THE TASK: Count the lines in the data below that include the word "Require", then state the total and nothing besides.

MATERIAL FOR THIS TASK:
──────

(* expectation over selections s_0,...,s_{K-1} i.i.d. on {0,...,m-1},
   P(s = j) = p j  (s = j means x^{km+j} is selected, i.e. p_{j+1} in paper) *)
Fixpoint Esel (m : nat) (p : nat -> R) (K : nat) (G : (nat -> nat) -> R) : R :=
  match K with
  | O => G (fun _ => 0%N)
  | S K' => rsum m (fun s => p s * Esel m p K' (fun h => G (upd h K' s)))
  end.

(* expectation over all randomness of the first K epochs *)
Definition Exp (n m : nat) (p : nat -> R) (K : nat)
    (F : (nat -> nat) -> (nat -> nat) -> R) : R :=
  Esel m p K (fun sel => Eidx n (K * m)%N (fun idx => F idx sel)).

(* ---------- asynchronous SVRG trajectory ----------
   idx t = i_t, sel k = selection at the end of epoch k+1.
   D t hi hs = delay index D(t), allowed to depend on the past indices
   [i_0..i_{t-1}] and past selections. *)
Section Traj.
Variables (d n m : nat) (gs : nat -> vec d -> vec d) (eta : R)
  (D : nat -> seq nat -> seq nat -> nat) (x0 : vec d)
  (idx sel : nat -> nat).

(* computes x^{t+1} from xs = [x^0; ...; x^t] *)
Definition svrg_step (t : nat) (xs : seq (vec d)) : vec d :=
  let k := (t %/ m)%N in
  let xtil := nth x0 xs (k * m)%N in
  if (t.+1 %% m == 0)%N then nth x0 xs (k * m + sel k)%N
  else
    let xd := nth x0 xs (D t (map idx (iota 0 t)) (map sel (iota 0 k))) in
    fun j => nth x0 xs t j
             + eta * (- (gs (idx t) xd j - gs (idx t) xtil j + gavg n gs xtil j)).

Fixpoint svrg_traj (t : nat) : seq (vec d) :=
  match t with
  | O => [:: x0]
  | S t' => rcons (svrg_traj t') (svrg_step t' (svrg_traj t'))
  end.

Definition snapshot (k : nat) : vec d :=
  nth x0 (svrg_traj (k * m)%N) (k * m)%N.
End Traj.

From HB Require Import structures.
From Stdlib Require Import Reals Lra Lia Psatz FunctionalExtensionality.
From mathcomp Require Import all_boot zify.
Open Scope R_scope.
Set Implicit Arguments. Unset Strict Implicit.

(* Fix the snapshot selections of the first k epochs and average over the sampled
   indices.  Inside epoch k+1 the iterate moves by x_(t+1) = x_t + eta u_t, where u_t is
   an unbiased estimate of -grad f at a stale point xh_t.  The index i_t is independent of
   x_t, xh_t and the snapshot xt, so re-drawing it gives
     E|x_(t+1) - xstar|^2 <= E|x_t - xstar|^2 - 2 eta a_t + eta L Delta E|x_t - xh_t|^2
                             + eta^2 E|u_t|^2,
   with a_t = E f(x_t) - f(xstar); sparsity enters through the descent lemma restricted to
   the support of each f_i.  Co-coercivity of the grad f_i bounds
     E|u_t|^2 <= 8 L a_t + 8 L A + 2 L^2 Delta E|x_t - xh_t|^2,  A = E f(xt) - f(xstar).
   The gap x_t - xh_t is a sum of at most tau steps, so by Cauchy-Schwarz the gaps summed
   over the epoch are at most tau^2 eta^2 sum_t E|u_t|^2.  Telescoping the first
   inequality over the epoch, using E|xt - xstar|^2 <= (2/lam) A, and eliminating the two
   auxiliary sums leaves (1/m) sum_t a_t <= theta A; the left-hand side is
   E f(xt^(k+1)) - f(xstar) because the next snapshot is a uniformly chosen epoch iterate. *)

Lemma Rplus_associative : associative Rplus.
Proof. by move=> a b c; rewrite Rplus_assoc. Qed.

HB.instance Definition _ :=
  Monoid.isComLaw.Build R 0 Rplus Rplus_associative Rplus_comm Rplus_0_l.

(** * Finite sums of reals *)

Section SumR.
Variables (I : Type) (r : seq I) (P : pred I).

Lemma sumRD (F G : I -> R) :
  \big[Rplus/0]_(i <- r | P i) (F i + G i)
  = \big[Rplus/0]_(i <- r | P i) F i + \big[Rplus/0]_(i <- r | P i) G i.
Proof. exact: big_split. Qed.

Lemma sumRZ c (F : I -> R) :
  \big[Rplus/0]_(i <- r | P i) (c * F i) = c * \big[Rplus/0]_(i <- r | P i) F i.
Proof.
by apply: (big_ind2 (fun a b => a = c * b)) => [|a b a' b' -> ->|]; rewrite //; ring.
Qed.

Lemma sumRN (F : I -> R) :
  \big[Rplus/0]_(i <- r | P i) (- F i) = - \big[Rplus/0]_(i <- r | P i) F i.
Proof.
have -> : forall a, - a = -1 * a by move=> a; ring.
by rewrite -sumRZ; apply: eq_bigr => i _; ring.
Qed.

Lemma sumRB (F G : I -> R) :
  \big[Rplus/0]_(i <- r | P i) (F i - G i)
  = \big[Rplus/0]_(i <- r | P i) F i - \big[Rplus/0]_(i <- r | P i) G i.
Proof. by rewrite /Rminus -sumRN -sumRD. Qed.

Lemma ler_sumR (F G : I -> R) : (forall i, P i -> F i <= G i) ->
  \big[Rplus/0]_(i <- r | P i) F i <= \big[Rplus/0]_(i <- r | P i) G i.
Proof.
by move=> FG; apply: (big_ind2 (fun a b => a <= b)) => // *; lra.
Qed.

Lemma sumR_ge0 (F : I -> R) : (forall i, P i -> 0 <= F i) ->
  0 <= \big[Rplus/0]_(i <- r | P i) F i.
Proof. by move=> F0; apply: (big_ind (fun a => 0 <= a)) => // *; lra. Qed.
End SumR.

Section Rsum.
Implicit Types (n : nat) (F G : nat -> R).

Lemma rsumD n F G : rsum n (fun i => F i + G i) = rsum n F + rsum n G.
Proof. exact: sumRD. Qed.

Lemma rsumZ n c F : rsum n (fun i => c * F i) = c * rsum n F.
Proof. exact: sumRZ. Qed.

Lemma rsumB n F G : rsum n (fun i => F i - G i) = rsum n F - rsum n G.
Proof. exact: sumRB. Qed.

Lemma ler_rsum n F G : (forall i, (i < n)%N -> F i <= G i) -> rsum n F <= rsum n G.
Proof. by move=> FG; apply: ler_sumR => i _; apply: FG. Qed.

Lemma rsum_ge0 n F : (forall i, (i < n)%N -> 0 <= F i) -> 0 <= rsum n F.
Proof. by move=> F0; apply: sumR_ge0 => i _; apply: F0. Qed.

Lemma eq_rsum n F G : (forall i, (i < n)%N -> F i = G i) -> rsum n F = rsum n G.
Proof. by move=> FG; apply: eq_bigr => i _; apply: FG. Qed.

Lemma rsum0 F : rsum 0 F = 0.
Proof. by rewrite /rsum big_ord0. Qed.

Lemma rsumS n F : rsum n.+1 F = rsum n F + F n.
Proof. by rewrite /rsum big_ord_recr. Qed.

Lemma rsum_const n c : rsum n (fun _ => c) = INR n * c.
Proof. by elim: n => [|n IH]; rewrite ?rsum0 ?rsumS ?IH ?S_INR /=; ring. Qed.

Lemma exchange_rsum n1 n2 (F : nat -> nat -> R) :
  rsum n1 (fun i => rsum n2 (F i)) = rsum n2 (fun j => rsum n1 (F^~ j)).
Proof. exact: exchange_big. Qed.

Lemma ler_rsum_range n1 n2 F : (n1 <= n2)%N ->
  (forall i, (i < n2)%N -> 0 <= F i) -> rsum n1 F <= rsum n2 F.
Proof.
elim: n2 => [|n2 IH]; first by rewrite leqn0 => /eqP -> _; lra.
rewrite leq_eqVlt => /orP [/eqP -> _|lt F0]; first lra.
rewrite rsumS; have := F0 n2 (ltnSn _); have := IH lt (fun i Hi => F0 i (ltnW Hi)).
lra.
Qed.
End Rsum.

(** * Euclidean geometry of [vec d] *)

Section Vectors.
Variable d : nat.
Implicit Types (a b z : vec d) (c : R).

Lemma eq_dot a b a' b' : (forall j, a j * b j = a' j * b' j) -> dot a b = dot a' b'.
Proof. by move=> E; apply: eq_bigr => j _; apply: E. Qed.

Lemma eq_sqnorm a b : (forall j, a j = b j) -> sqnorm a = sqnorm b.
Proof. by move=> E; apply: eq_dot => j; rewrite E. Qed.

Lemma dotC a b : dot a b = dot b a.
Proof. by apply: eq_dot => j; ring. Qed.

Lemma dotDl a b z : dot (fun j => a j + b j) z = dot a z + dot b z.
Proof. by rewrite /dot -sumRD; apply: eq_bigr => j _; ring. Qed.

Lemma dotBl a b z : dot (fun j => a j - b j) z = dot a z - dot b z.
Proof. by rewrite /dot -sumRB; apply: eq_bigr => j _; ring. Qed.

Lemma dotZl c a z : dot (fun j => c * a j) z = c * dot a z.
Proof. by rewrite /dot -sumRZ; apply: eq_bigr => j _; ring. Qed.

──────

PROBLEM SOLUTION: 3